It wouldn't change the semantics of memory.size or memory.grow.

This exaggerates the magnitude of the change to these instructions in the custom-page-sizes proposal (replacing a language-wide constant with a value defined in the memory's static type) and downplays the costs of introducing a whole new concept to the language.

It wouldn't change the tool conventions, meaning:

no addition of __builtin_wasm_page_size

no new relocation type

no new linker behavior

Instead of linker changes, this proposal would instead require whole new additions to the core Wasm language: the memory.size_bytes and memory.grow_bytes instructions that @tlively described.

I agree with what @tlively and @conrad-watt expressed, that in general we should prefer solutions with fewer core language changes over solutions with fewer toolchain changes.

It wouldn't add more magic to ".o" files. (Right now it's pretty nice that you can compile something with clang -c and the output in WAT, decoded by standard tools, is comprehensible as a Wasm module. The discussion in #3 suggests that newly generated .o files will implicate this proposal pervasively, and knowledge of the tool conventions and non-standard sections will become more necessary to understand what the .o file is trying to do.)

.o files would be just as comprehensible as they are now, as explained by @alexcrichton.

fitzgen commented 1 month ago

@ppenzin

How would aforementioned implementation that currently caps memory handle this? I assume it is a baremetal device of some sort, is mprotect even supposed to work?

One could imagine using an MPU's capabilities for this kind of thing, when available.

For a forum that is probably better equipped to review this, Embedded SIG has been approved in Bytecode Alliance

The Bytecode Alliance is not a standardization venue. We, the BA, organize implementation work under our umbrella, and might make recommendations and proposals (such as this custom-page-sizes proposal!) to bring to standards venues like the W3C, but it is not appropriate move standards discussions out of their standardization venues and into the BA.

fitzgen commented 1 month ago

@yamt

where can i find the implementation?

The binary decoding, binary encoding, text parsing, text printing, validation, test case generation for fuzzing, and *.wast tests are all in https://github.com/bytecodealliance/wasm-tools

Support has not landed in Wasmtime itself yet.

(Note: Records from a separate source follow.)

(* Let $E$ be a countable directed graph which is row-finite and has no sources, let $G$ be a discrete group acting on $E$ by graph automorphisms, and let $\varphi:G\times E^1\to G$ be a 1-cocycle with $\varphi(g,a)\cdot x=g\cdot x$ for all $g,a,x$. Then every tight filter in the semilattice of idempotents $E(\mathcal{S}_{G,E})$ is an ultrafilter; that is, the tight spectrum $\widehat E_{\mathrm{tight}}(\mathcal{S}_{G,E})$ coincides with the space $\widehat E_\infty(\mathcal{S}_{G,E})$ of ultrafilters (which is homeomorphic to $E^\infty$ via $\omega\mapsto\{(\omega|_n,1,\omega|_n):n\in\mathbb{N}\}$).
   Context: Conventions: paths $\alpha=\alpha_1\cdots\alpha_n$ with $s(\alpha_i)=r(\alpha_{i+1})$, $r(\alpha)=r(\alpha_1)$, $s(\alpha)=s(\alpha_n)$; vertices are paths of length 0; $E^*$ finite paths, $E^\infty$ infinite paths $\omega=\omega_1\omega_2\cdots$, $\omega|_n=\omega_1\cdots\omega_n$. Row-finite without sources: $0<|r^{-1}(x)|<\infty$ for every vertex $x$. 1-cocycle: $\varphi(gh,a)=\varphi(g,ha)\varphi(h,a)$; action and cocycle extend to paths by $g(a\alpha')=(ga)(\varphi(g,a)\alpha')$, $\varphi(g,a\alpha')=\varphi(\varphi(g,a),\alpha')$, $\varphi(g,x)=g$ for vertices. $\mathcal{S}_{G,E}=\{(\alpha,g,\beta):\alpha,\beta\in E^*,\ g\in G,\ s(\alpha)=g\,s(\beta)\}\cup\{0\}$, with $(\alpha,g,\beta)(\gamma,h,\delta)$ equal to $(\alpha,g\varphi(h,\varepsilon),\delta(h^{-1}\varepsilon))$ if $\beta=\gamma\varepsilon$, to $(\alpha(g\varepsilon),\varphi(g,\varepsilon)h,\delta)$ if $\gamma=\beta\varepsilon$, and $0$ otherwise; $(\alpha,g,\beta)^*=(\beta,g^{-1},\alpha)$. Its nonzero idempotents are $(\alpha,1,\alpha)$, $\alpha\in E^*$, with $(\alpha,1,\alpha)\le(\beta,1,\beta)$ iff $\beta$ is a prefix of $\alpha$. A filter is a nonempty subset $\xi\subseteq E(\mathcal{S}_{G,E})$ not containing $0$, closed under products and upward closed; an ultrafilter is a maximal filter. For finite $X,Y\subseteq E(S)$, $E(S)^{X,Y}=\{e: e\le x\ \forall x\in X,\ ey=0\ \forall y\in Y\}$; a finite $Z\subseteq E(S)^{X,Y}$ is a cover if every nonzero element of $E(S)^{X,Y}$ has nonzero product with some $z\in Z$. A filter $\xi$ is tight if whenever $X,Y$ are finite with $X\subseteq\xi$ and $Y\cap\xi=\emptyset$, every finite cover $Z$ of $E(S)^{X,Y}$ satisfies $Z\cap\xi\ne\emptyset$. *)

From mathcomp Require Import all_boot.
From Stdlib Require List.

Record group := Group {
  gcar :> Type;
  gmul : gcar -> gcar -> gcar;
  gone : gcar;
  ginv : gcar -> gcar;
  gmulA : forall x y z, gmul x (gmul y z) = gmul (gmul x y) z;
  gmul1 : forall x, gmul gone x = x;
  gmulV : forall x, gmul (ginv x) x = gone }.

Arguments gmul {_} _ _.

Record ssdata := SSData {
  V : countType;
  Ed : countType;
  rng : Ed -> V;
  src : Ed -> V;
  grp : group;
  actV : grp -> V -> V;
  actE : grp -> Ed -> Ed;
  phi : grp -> Ed -> grp }.

Section SelfSimilar.
Variable D : ssdata.
Local Notation G := (grp D).
Local Notation r := (rng D).
Local Notation s := (src D).
Local Notation "g * h" := (gmul g h).

Definition row_finite_no_sources : Prop :=
  forall x : V D, exists l : seq (Ed D),
    l != [::] /\ forall a, (r a == x) = (a \in l).

Definition graph_action : Prop :=
  [/\ (forall x, actV D (gone G) x = x),
      (forall g h : G, forall x, actV D (g * h) x = actV D g (actV D h x)),
      (forall a, actE D (gone G) a = a) &
      (forall g h : G, forall a, actE D (g * h) a = actE D g (actE D h a))] /\
  (forall (g : G) a, r (actE D g a) = actV D g (r a)) /\
  (forall (g : G) a, s (actE D g a) = actV D g (s a)).

Definition one_cocycle : Prop :=
  forall g h : G, forall a, phi D (g * h) a = phi D g (actE D h a) * phi D h a.

Definition cocycle_fixes_vertices : Prop :=
  forall g a x, actV D (phi D g a) x = actV D g x.

(* A finite path is a pair (x, l) where l = a_1 ... a_n is a
   sequence of edges with s(a_i) = r(a_{i+1}) and, if n > 0, r(a_1) = x.
   Paths of length 0 are the vertices (x, [::]).  r(x, l) = x. *)
Definition fpath := (V D * seq (Ed D))%type.

Fixpoint chain (l : seq (Ed D)) : bool :=
  if l is a :: l' then
    (if l' is b :: _ then s a == r b else true) && chain l'
  else true.

Definition is_path (p : fpath) : bool :=
  (if p.2 is a :: _ then r a == p.1 else true) && chain p.2.

Definition psrc (p : fpath) : V D :=
  if p.2 is a :: l then s (last a l) else p.1.

Definition pcat (p q : fpath) : fpath := (p.1, p.2 ++ q.2).

Definition pprefix (p q : fpath) : bool := (p.1 == q.1) && prefix p.2 q.2.

Definition prest (p q : fpath) : fpath := (psrc p, drop (size p.2) q.2).

Fixpoint act_seq (g : G) (l : seq (Ed D)) : seq (Ed D) :=
  if l is a :: l' then actE D g a :: act_seq (phi D g a) l' else [::].

Fixpoint phi_seq (g : G) (l : seq (Ed D)) : G :=
  if l is a :: l' then phi_seq (phi D g a) l' else g.

Definition act_path (g : G) (p : fpath) : fpath := (actV D g p.1, act_seq g p.2).
Definition phi_path (g : G) (p : fpath) : G := phi_seq g p.2.

(* Elements of S_{G,E}: None is 0, Some (alpha, g, beta) is (alpha, g, beta). *)
Definition Sraw := option (fpath * G * fpath).

Definition inS (x : Sraw) : Prop :=
  match x with
  | None => True
  | Some (al, g, be) => is_path al /\ is_path be /\ psrc al = actV D g (psrc be)
  end.

Definition Smul (x y : Sraw) : Sraw :=
  match x, y with
  | Some (al, g, be), Some (ga, h, de) =>
      if pprefix ga be then
        let eps := prest ga be in
        Some (al, g * phi_path h eps, pcat de (act_path (ginv G h) eps))
      else if pprefix be ga then
        let eps := prest be ga in
        Some (pcat al (act_path g eps), phi_path g eps * h, de)
      else None
  | _, _ => None
  end.

Definition Sstar (x : Sraw) : Sraw :=
  match x with
  | Some (al, g, be) => Some (be, ginv G g, al)
  | None => None
  end.

Definition idem (e : Sraw) : Prop := inS e /\ Smul e e = e.
Definition Sle (e f : Sraw) : Prop := e = Smul e f.

Definition is_filter (xi : Sraw -> Prop) : Prop :=
  [/\ (forall e, xi e -> idem e),
      (exists e, xi e),
      ~ xi None,
      (forall e f, xi e -> xi f -> xi (Smul e f)) &
      (forall e f, xi e -> idem f -> Sle e f -> xi f)].

Definition is_ultrafilter (xi : Sraw -> Prop) : Prop :=
  is_filter xi /\
  forall eta, is_filter eta -> (forall e, xi e -> eta e) -> forall e, eta e -> xi e.

Definition EXY (X Y : seq Sraw) (e : Sraw) : Prop :=
  idem e /\ (forall x, List.In x X -> Sle e x) /\
  (forall y, List.In y Y -> Smul e y = None).

Definition is_cover (X Y Z : seq Sraw) : Prop :=
  (forall z, List.In z Z -> EXY X Y z) /\
  forall e, EXY X Y e -> e <> None -> exists z, List.In z Z /\ Smul e z <> None.

Definition is_tight (xi : Sraw -> Prop) : Prop :=
  is_filter xi /\
  forall X Y : seq Sraw,
    (forall x, List.In x X -> xi x) ->
    (forall y, List.In y Y -> idem y /\ ~ xi y) ->
    forall Z, is_cover X Y Z -> exists z, List.In z Z /\ xi z.

End SelfSimilar.

From Pilot Require Import Defs.
From mathcomp Require Import all_boot.
From Stdlib Require Import Classical.

(* The nonzero idempotents of S_{G,E} are the (α, 1, α), and (α, 1, α)(β, 1, β)
   is nonzero exactly when α and β are comparable for the prefix order.  Hence
   a filter is a set of pairwise comparable paths closed under prefixes, i.e.
   a finite path or an infinite one, and both tightness and maximality amount
   to the filter containing arbitrarily long paths.  If α lies in a tight
   filter, then the one-edge extensions αe (finitely many by row-finiteness,
   at least one since there are no sources) cover E^{{α},∅}, so some αe lies
   in the filter.  If α lies in an ultrafilter with no longer path in it, the
   filter is contained in the principal filter of some αe, contradicting
   maximality.  Conversely a filter with arbitrarily long paths contains a
   path longer than all those occurring in given finite X, Y, Z; its
   idempotent lies in E^{X,Y}, so it meets some element of a cover Z, which
   must then be one of its prefixes. *)

Set Implicit Arguments.
Unset Strict Implicit.
Unset Printing Implicit Defensive.

Lemma InP (T : eqType) (x : T) (s : seq T) : reflect (List.In x s) (x \in s).
Proof.
elim: s => [|y s IHs] /=; first by right.
rewrite in_cons; apply: (iffP orP) => [[/eqP->|/IHs]|[->|/IHs]]; by [left|right|].
Qed.

Lemma In_leq_sumn (T : Type) (f : T -> nat) (s : seq T) x :
  List.In x s -> f x <= sumn (List.map f s).
Proof.
elim: s => [|y s IHs] //= [->|/IHs fx]; first exact: leq_addr.
exact: leq_trans fx (leq_addl _ _).
Qed.

Lemma gidem_eq1 (G : group) (x : G) : gmul x x = x -> x = gone G.
Proof. by move=> xx; have := gmulV G x; rewrite -{2}xx gmulA gmulV gmul1. Qed.

Lemma gmulgV (G : group) (x : G) : gmul x (ginv G x) = gone G.
Proof. by apply: gidem_eq1; rewrite -gmulA (gmulA G (ginv G x) x) gmulV gmul1. Qed.

Lemma gmulg1 (G : group) (x : G) : gmul x (gone G) = x.
Proof. by rewrite -(gmulV G x) gmulA gmulgV gmul1. Qed.

Lemma ginv1 (G : group) : ginv G (gone G) = gone G.
Proof. by rewrite -{1}(gmulg1 (ginv G (gone G))) gmulV. Qed.

Section SelfSimilarFilters.

Variable D : ssdata.
Local Notation G := (grp D).
Local Notation fpath := (Defs.fpath D).
Local Notation r := (rng D).
Local Notation pprefix := (Defs.pprefix D).

Definition diag (a : fpath) : Sraw D := Some (a, gone G, a).

Lemma pprefix_refl (a : fpath) : pprefix a a.
Proof. by rewrite /Defs.pprefix eqxx prefix_refl. Qed.

Lemma pprefix_trans (a b c : fpath) : pprefix a b -> pprefix b c -> pprefix a c.
Proof.
case: a b c => [x l] [y m] [z n] /andP[/eqP/= -> lm] /andP[/eqP/= -> mn].
by rewrite /Defs.pprefix eqxx (prefix_trans lm mn).
Qed.

Lemma size_pprefix (a b : fpath) : pprefix a b -> size a.2 <= size b.2.
Proof. by case/andP=> _ /size_prefix. Qed.

Lemma eq_pprefix_size (a b : fpath) : pprefix a b -> size b.2 <= size a.2 -> a = b.
Proof.
case: a b => [x l] [y m] /andP[/eqP/= -> /prefixP[t ->]].
rewrite size_cat -{2}[size l]addn0 leq_add2l leqn0 size_eq0 /=.
by move=> /eqP->; rewrite cats0.
Qed.

Lemma pprefix_comparable (a b c : fpath) :
  pprefix a c -> pprefix b c -> pprefix a b || pprefix b a.
Proof.
case: a b c => [x l] [y m] [z n]; rewrite /Defs.pprefix /= !prefixE.
move=> /andP[/eqP-> /eqP nl] /andP[/eqP-> /eqP nm]; rewrite eqxx /=.
case: (leqP (size l) (size m)) => [lm|/ltnW ml].
  by apply/orP; left; rewrite -nm take_takel ?nl.
by apply/orP; right; rewrite -nl take_takel ?nm.
Qed.

Lemma pcat_prest (a b : fpath) : pprefix a b -> pcat D a (prest D a b) = b.
Proof.
case: a b => [x l] [y m] /andP[/eqP/= -> /prefixP[t ->]].
by rewrite /pcat /prest /= drop_size_cat.
Qed.

Lemma pprefix_rcons x l c : pprefix (x, l) (x, rcons l c).
Proof. by rewrite /Defs.pprefix eqxx prefix_rcons. Qed.

Lemma chain_rng_next a l c t : chain D (a :: l ++ c :: t) -> r c = src D (last a l).
Proof.
elim: l a => [|b l IHl] a /=; first by case/andP=> /eqP.
by case/andP=> _ /IHl.
Qed.

Lemma is_path_rng_next x l c t : is_path D (x, l ++ c :: t) -> r c = psrc D (x, l).
Proof.
case: l => [|a l] /andP[/= /eqP ra ch]; first by rewrite ra.
exact: chain_rng_next ch.
Qed.

Lemma chain_rcons a l c :
  chain D (a :: l) -> r c = src D (last a l) -> chain D (rcons (a :: l) c).
Proof.
elim: l a => [|b l IHl] a /=; first by move=> _ ->; rewrite eqxx.
by case/andP=> -> /IHl.
Qed.

Lemma is_path_rcons x l c :
  is_path D (x, l) -> r c = psrc D (x, l) -> is_path D (x, rcons l c).
Proof.
case: l => [|a l] /andP[/= ra pl] rc; first by rewrite /is_path /= rc eqxx.
by apply/andP; split; [exact: ra | exact: chain_rcons].
Qed.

woodsmc commented 1 month ago

I'd like to make sure our colleagues who have been shipping devices with smaller memory footprints are included in the discussion, so here comes a list of github handles / tags: @no1wudi, @dongsheng28849455, @xwang98 and @wenyongh. (I apologise if I've missed anyone).

Perhaps we could get some insight into the use cases for smaller page sizes.

From my own perspective, the device limitations restricted the code structure we deploy, reducing complexity, we are also likely to remove dynamic memory actions (grow/shrink), etc. Other perspectives on limitations usage of smaller page sizes would be useful too.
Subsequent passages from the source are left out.